Your task: Whichever lines of the entries hold the word "case" should be identified and copied.

# # # # #

Theorem mainTheorem7 (R : realType) (A : psemiring) (V : finType) (C : prog A V) :
  wf C ->
  (* (1) products and sums of arbitrary sets of hyperquantities *)
  (forall S : set (hquant A V R), (forall ff, S ff -> hnonneg ff) ->
     whp C (hprod S) = (fun f => eprod S (fun ff => whp C ff f)) /\
     whp C (hsum S) = (fun f => esum S (fun ff => whp C ff f))) /\
  (* (2) constants *)
  (forall k : \bar R, 0 <= k -> whp C (fun _ => k) = (fun _ => k)) /\
  (* (3) monotonicity *)
  (forall ff gg : hquant A V R, hnonneg ff -> hnonneg gg ->
     hle ff gg -> hle (whp C ff) (whp C gg)).
Proof.
move=> wfC.
have whpE (ff : hquant A V R) f : hnonneg ff ->
    exists2 g, sp C f = Some g & whp C ff f = ff g.
  move=> ff_ge0; case E: (sp C f) => [g|]; last by case: (wfC f).
  by exists g; rewrite // whp_sp // E.
split; [move=> S S_ge0; split; apply: funext => f | split].
- have hprod_ge0 : hnonneg (hprod S) by move=> h; apply: eprod_ge0 => ff Sff; exact: S_ge0.
  have [g spE ->] := whpE _ f hprod_ge0.
  apply: eq_eprod => ff /S_ge0 ff_ge0.
  by have [g' + ->] := whpE _ f ff_ge0; rewrite spE => -[->].
- have hsum_ge0 : hnonneg (hsum S) by move=> h; apply: esum_ge0 => ff Sff; exact: S_ge0.
  have [g spE ->] := whpE _ f hsum_ge0.
  apply: eq_esum => ff /S_ge0 ff_ge0.
  by have [g' + ->] := whpE _ f ff_ge0; rewrite spE => -[->].
- move=> k k_ge0; apply: funext => f.
  by have [g _ ->] := whpE (fun _ => k) f (fun _ => k_ge0).
- move=> ff gg ff_ge0 gg_ge0 le_ffgg f; rewrite !whp_sp //.
  by case: (sp C f) => //= g; exact: le_ffgg.
Qed.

# # # # #

Exercise result:
  move=> ff_ge0; case E: (sp C f) => [g|]; last by case: (wfC f).
  by case: (sp C f) => //= g; exact: le_ffgg.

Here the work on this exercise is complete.